Exercise directions
Write out exactly the lines of the entries below from the one holding "or not colour" to the one holding "move=> hc dxy", inclusive, and leave out all other lines.

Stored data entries
(* For integers $n\geq 3$, $p\geq 2$ and $m \geq 1$, $\chi_\rho(FSSD_m(K_n\star P_p)) = n+3$.
   Context: All graphs are finite and simple. For a positive integer $i$, an $i$-packing in a graph is a set of vertices any two distinct members of which are at distance greater than $i$. The packing chromatic number $\chi_\rho(H)$ is the smallest $k$ such that $V(H)$ can be partitioned into sets $V_1,\dots,V_k$ with each $V_i$ an $i$-packing. For a positive integer $m$, $FSSD_m(G)$ is obtained from $G$ by replacing each edge $xy$ by a copy of $K_{2,m}$: the edge $xy$ is deleted and $m$ new vertices are added, each adjacent to exactly $x$ and $y$. The neighborhood corona $G\star H$ of graphs $G$ (with vertices $w_1,\dots,w_{n}$) and $H$ consists of one copy of $G$ and $n$ copies $H_1,\dots,H_n$ of $H$ (each retaining the edges of $H$), where every vertex of $H_i$ is additionally joined to every neighbor of $w_i$ in $G$. $K_n$ is the complete graph and $P_p$ the path on $p$ vertices. *)

From mathcomp Require Import all_boot.
Set Implicit Arguments. Unset Strict Implicit. Unset Printing Implicit Defensive.

Definition simple_graph (T : finType) (e : rel T) : Prop :=
  symmetric e /\ irreflexive e.

Definition dist_le (T : finType) (e : rel T) (i : nat) (x y : T) : Prop :=
  exists s : seq T, [/\ size s <= i, path e x s & last x s = y].

Definition is_packing (T : finType) (e : rel T) (i : nat) (S : {set T}) : Prop :=
  forall x y, x \in S -> y \in S -> x != y -> ~ dist_le e i x y.

(* A packing k-colouring: colour j : 'I_k stands for colour j+1,
   and the class of colour j+1 must be a (j+1)-packing. *)
Definition packing_coloring (T : finType) (e : rel T) (k : nat) (c : T -> 'I_k) : Prop :=
  forall j : 'I_k, is_packing e j.+1 [set x | c x == j].

Definition packing_colorable (T : finType) (e : rel T) (k : nat) : Prop :=
  exists c : T -> 'I_k, packing_coloring e c.

Definition packing_chromatic_number_is (T : finType) (e : rel T) (k : nat) : Prop :=
  packing_colorable e k /\ forall k', packing_colorable e k' -> k <= k'.

Definition K_rel (n : nat) : rel 'I_n := fun x y => x != y.
Definition P_rel (p : nat) : rel 'I_p :=
  fun x y => (x.+1 == y :> nat) || (y.+1 == x :> nat).

(* Neighborhood corona G * H : vertices inl w (copy of G) and inr (i,u)
   (vertex u of the copy H_i); H_i-vertices are joined to N_G(w_i). *)
Definition ncorona_rel (T U : finType) (e : rel T) (f : rel U) : rel (T + (T * U)) :=
  fun a b =>
    match a, b with
    | inl x, inl y => e x y
    | inr (i, u), inr (j, v) => (i == j) && f u v
    | inl x, inr (i, _) => e i x
    | inr (i, _), inl x => e i x
    end.

(* FSSD_m(G): each edge {x,y} (recorded once as (x,y) with rank x < rank y)
   is replaced by m new vertices adjacent to exactly x and y. *)
Definition fssd_new (T : finType) (e : rel T) (m : nat) :=
  {t : T * T * 'I_m | e t.1.1 t.1.2 && (enum_rank t.1.1 < enum_rank t.1.2)}.

Definition fssd_rel (T : finType) (e : rel T) (m : nat) : rel (T + fssd_new e m) :=
  fun a b =>
    match a, b with
    | inl x, inr t => (x == (val t).1.1) || (x == (val t).1.2)
    | inr t, inl x => (x == (val t).1.1) || (x == (val t).1.2)
    | _, _ => false
    end.

Arguments fssd_rel {T} e m.
Arguments ncorona_rel {T U} e f.
Arguments K_rel : clear implicits.
Arguments P_rel : clear implicits.

From mathcomp Require Import all_boot zify.
Set Implicit Arguments. Unset Strict Implicit. Unset Printing Implicit Defensive.

(* Colours below are those of the paper; in the code a colour [c : 'I_k] is colour [c + 1].
   Distances between original vertices double in FSSD_m, and K_n ⋆ P_p has diameter 2.
   For the upper bound, colour the subdivision vertices 1, each copy of P_p alternately 2 and 3,
   and w_1, ..., w_n with 4, ..., n + 3.
   For the lower bound, assume n + 2 colours. The w_l get pairwise distinct colours, none of
   them 1 (the n + 2 subdivision neighbours of such a w_l would need distinct colours), so at
   most one colour is free, i.e. missing on the w_l. An original vertex of colour >= 4, and a
   subdivision vertex next to some w_l with colour >= 3, must take the free colour. If no
   vertex of a copy H_j has colour 1, the ends of an edge of a suitable copy can neither both
   take the free colour nor share a colour in {2, 3}. If a vertex of H_i has colour 1, its
   subdivision neighbours force n = 3, some w_a of colour 2 and colour 3 or 4 on w_i; whether
   or not colour 3 occurs on the w_l, the remaining copy H_j cannot be coloured. *)

Section Walks.
Variables (T : finType) (e : rel T).

Lemma dist_le_refl d x : dist_le e d x x.
Proof. by exists [::]. Qed.

Lemma dist_le_edge x y : e x y -> dist_le e 1 x y.
Proof. by move=> exy; exists [:: y]; rewrite /= exy. Qed.

Lemma dist_le1_edge x y : dist_le e 1 x y -> x != y -> e x y.
Proof.
case=> -[|z [|? ?]] [] //= _; first by move=> _ <-; rewrite eqxx.
by rewrite andbT => exz <-.
Qed.

Lemma dist_le_cat d1 d2 x y z :
  dist_le e d1 x y -> dist_le e d2 y z -> dist_le e (d1 + d2) x z.
Proof.
move=> [s1 [h1 p1 l1]] [s2 [h2 p2 l2]]; exists (s1 ++ s2); split.
- by rewrite size_cat leq_add.
- by rewrite cat_path p1 l1 p2.
- by rewrite last_cat l1.
Qed.

Lemma dist_le_leq d1 d2 x y : d1 <= d2 -> dist_le e d1 x y -> dist_le e d2 x y.
Proof. by move=> le12 [s [hs ps ls]]; exists s; split=> //; apply: leq_trans le12. Qed.

Lemma dist_le_sym d x y : symmetric e -> dist_le e d x y -> dist_le e d y x.
Proof.
move=> esym [s [hs ps <-]]; exists (rev (belast x s)); split.
- by rewrite size_rev size_belast.
- by rewrite rev_path; apply: sub_path ps => a b; rewrite esym.
- by case/lastP: s {hs ps} => // s z; rewrite belast_rcons rev_cons last_rcons.
Qed.

Lemma packing_coloring_neq k (c : T -> 'I_k) d x y :
  packing_coloring e c -> dist_le e d x y -> d <= (c x).+1 -> x != y ->
  c x != c y :> nat.
Proof.
move=> hc dxy hd neq_xy; apply/negP => /eqP /val_inj cxy.
by apply: (hc (c x) x y _ _ neq_xy (dist_le_leq hd dxy)); rewrite inE cxy.
Qed.

End Walks.

Lemma uniq_size_range (s : seq nat) lo hi :
  uniq s -> (forall y, y \in s -> lo <= y < hi) -> size s <= hi - lo.
Proof.
move=> us hs; rewrite -(size_iota lo (hi - lo)); apply: uniq_leq_size us _ => y /hs.
by rewrite mem_iota; lia.
Qed.

Lemma exists_ord_notin n (s : seq 'I_n) : size s < n -> exists l, l \notin s.
Proof.
move=> hs; case: (pickP [pred l | l \notin s]) => [l hl|hnone]; first by exists l.
suff : n <= size s by lia.
rewrite -{1}(size_enum_ord n); apply: uniq_leq_size (enum_uniq _) _ => l _.
by move: (hnone l) => /= /negbFE.
Qed.

Section Subdivision.
Variables (T : finType) (e : rel T) (m : nat).
Hypotheses (esym : symmetric e) (eirr : irreflexive e) (m_gt0 : 0 < m).

Local Notation E := (fssd_rel e m).

Lemma fssd_rel_sym : symmetric E.
Proof. by case=> [x|t] [y|t']. Qed.

Lemma enum_rank_edge a b : e a b -> enum_rank a != enum_rank b :> nat.
Proof. by apply: contraTN => /eqP /val_inj /enum_rank_inj ->; rewrite eirr. Qed.

(* The [r]-th new vertex on the edge [ab]; junk ([inl a]) if [ab] is not an edge. *)
Definition subv (a b : T) (r : 'I_m) : T + fssd_new e m :=
  let t := if enum_rank a < enum_rank b then (a, b, r) else (b, a, r) in
  if insub t is Some s then inr s else inl a.

Lemma subv_inr a b r : e a b ->
  {s | subv a b r = inr s & val s = if enum_rank a < enum_rank b then (a, b, r) else (b, a, r)}.
Proof.
move=> eab; rewrite /subv; case: insubP => [s _ <-|]; first by exists s.
have := enum_rank_edge eab; case: ltngtP => //= [lt_ab|lt_ba] _.
- by rewrite eab lt_ab.
- by rewrite esym eab lt_ba.
Qed.

Lemma subvC a b r : e a b -> subv a b r = subv b a r.
Proof.
move=> eab; have eba : e b a by rewrite esym.
have [s -> vs] := subv_inr r eab; have [s' -> vs'] := subv_inr r eba.
congr inr; apply: val_inj; rewrite vs vs'; have := enum_rank_edge eab.
by case: ltngtP.
Qed.
Lemma val_subg_sigma x : sgval (subg G (sigma x)) = word_perm [:: x].
Proof. by rewrite word_perm1 subgK ?sigma_in. Qed.

Section Uniconnected.
Hypothesis uniconnectedX : uniconnected op.
Variable e : X.

Definition base : subg_of G := subg G (sigma e).

Lemma uniconnected_eq x s t : s \in G -> t \in G -> s x = t x -> s = t.
Proof.
move=> sG tG eq_x; have [s0 [_ uniq_s0]] := uniconnectedX x (t x).
by rewrite -(uniq_s0 s (conj sG eq_x)) (uniq_s0 t (conj tG erefl)).
Qed.

Lemma blam_base a : blam cycle_add cycle_opp a base = subg G (sigma ((sgval a)^-1 e)).
Proof.
rewrite /blam; have -> : a * base = cycle_add a (subg G (sigma ((sgval a)^-1 e))).
  apply: subg_inj; rewrite (val_mul a (esym (val_subg_sigma e))).
  by rewrite (val_cycle_add (word_permK a) (esym (val_subg_sigma _))).
by rewrite cycle_addA cycle_addN cycle_add0.
Qed.

Lemma base_trans_cycle_base : in_trans_cycle_base cycle_add cycle_opp 1 base.
Proof.
move=> H H1 H_add _ base_H; apply/setP=> u; rewrite inE.
have -> : u = subg G (word_perm (word u)) by rewrite word_permK sgvalK.
elim/last_ind: (word u) => [|w b IHw].
  suff -> : subg G (word_perm [::]) = 1 by [].
  exact: morph1.
have -> : subg G (word_perm (rcons w b)) =
          cycle_add (subg G (word_perm w)) (subg G (sigma b)).
  apply: subg_inj; rewrite -cats1 word_perm_subgK.
  by rewrite (val_cycle_add (esym (word_perm_subgK w)) (esym (val_subg_sigma b))).
apply: H_add => //; apply: (subsetP base_H); apply/imsetP.
have [s [[sG sb] _]] := uniconnectedX b e.
by exists (subg G s) => //; rewrite blam_base subgK // -sb permK.
Qed.

Let stabilizer_exists x : exists s, (s \in G) && (s x == e).
Proof. by have [s [[sG sx] _]] := uniconnectedX x e; exists s; rewrite sG sx eqxx. Qed.

Definition to_brace x : subg_of G := subg G (xchoose (stabilizer_exists x)).

Lemma to_braceE x : sgval (to_brace x) \in G /\ sgval (to_brace x) x = e.
Proof.
have /andP[sG /eqP sx] := xchooseP (stabilizer_exists x).
by rewrite /to_brace subgK.
Qed.
Theorem theorem3p7 (R : realType) (p : \bar R) (X Y : completeNormedModType R)
  (U : set X) (f : X -> Y) :
  (1 <= p)%E ->
  open U ->
  convex_set (U : set (convex_lmodType X)) ->
  (forall x, U x -> differentiable f x) ->
  (forall K : set X, U_bounded U K -> DP_set K ->
     pDPL_set p [set ('d f x : X -> Y) | x in K]) ->
  pRight_seq_continuous p U f.
Proof.
move=> _ oU cU df dDPL x [x_Cauchy x_DP] x_Ub.
apply: contrapT => /not_cvg_separated[eps e0 [m [n [m_incr n_incr sep]]]].
pose K := segment_hull (range x).
have K_Ub : U_bounded U K := U_bounded_segment_hull oU cU x_Ub.
have K_DP : DP_set K :=
  DP_set_sub (segment_hull_sub_balanced_sum (A := range x)) (DP_set_balanced_sum x_DP).
have dx_null : pRight_null p (fun k => x (m k) - x (n k)).
  split; first exact: x_Cauchy.
  apply: DP_set_sub (DP_set_balanced_sum x_DP) => _ [k _ <-].
  by apply: differences_sub_balanced_sum; exists (x (m k)); last exists (x (n k)).
have [k0 _ small] := dDPL K K_Ub K_DP _ dx_null _ (divr_gt0 e0 (ltr0Sn _ 1)).
have K_seg t : 0 <= t <= 1 -> K (x (n k0) + t *: (x (m k0) - x (n k0))).
  by move=> t01; exists (x (n k0)), (x (m k0)), t; split; rewrite ?t01.
have : `|f (x (m k0)) - f (x (n k0))| <= eps / 2.
  rewrite -[x (m k0)](subrKC (x (n k0))).
  apply: segment_mean_value_le => t /K_seg Kt; first exact: df (K_Ub.1 _ Kt).
  by apply: small (leqnn k0) _ _; exists (x (n k0) + t *: (x (m k0) - x (n k0))).
by have := sep k0; lra.
Qed.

Written answer
   or not colour 3 occurs on the w_l, the remaining copy H_j cannot be coloured. *)

Section Walks.
Variables (T : finType) (e : rel T).

Lemma dist_le_refl d x : dist_le e d x x.
Proof. by exists [::]. Qed.

Lemma dist_le_edge x y : e x y -> dist_le e 1 x y.
Proof. by move=> exy; exists [:: y]; rewrite /= exy. Qed.

Lemma dist_le1_edge x y : dist_le e 1 x y -> x != y -> e x y.
Proof.
case=> -[|z [|? ?]] [] //= _; first by move=> _ <-; rewrite eqxx.
by rewrite andbT => exz <-.
Qed.

Lemma dist_le_cat d1 d2 x y z :
  dist_le e d1 x y -> dist_le e d2 y z -> dist_le e (d1 + d2) x z.
Proof.
move=> [s1 [h1 p1 l1]] [s2 [h2 p2 l2]]; exists (s1 ++ s2); split.
- by rewrite size_cat leq_add.
- by rewrite cat_path p1 l1 p2.
- by rewrite last_cat l1.
Qed.

Lemma dist_le_leq d1 d2 x y : d1 <= d2 -> dist_le e d1 x y -> dist_le e d2 x y.
Proof. by move=> le12 [s [hs ps ls]]; exists s; split=> //; apply: leq_trans le12. Qed.

Lemma dist_le_sym d x y : symmetric e -> dist_le e d x y -> dist_le e d y x.
Proof.
move=> esym [s [hs ps <-]]; exists (rev (belast x s)); split.
- by rewrite size_rev size_belast.
- by rewrite rev_path; apply: sub_path ps => a b; rewrite esym.
- by case/lastP: s {hs ps} => // s z; rewrite belast_rcons rev_cons last_rcons.
Qed.

Lemma packing_coloring_neq k (c : T -> 'I_k) d x y :
  packing_coloring e c -> dist_le e d x y -> d <= (c x).+1 -> x != y ->
  c x != c y :> nat.
Proof.
move=> hc dxy hd neq_xy; apply/negP => /eqP /val_inj cxy.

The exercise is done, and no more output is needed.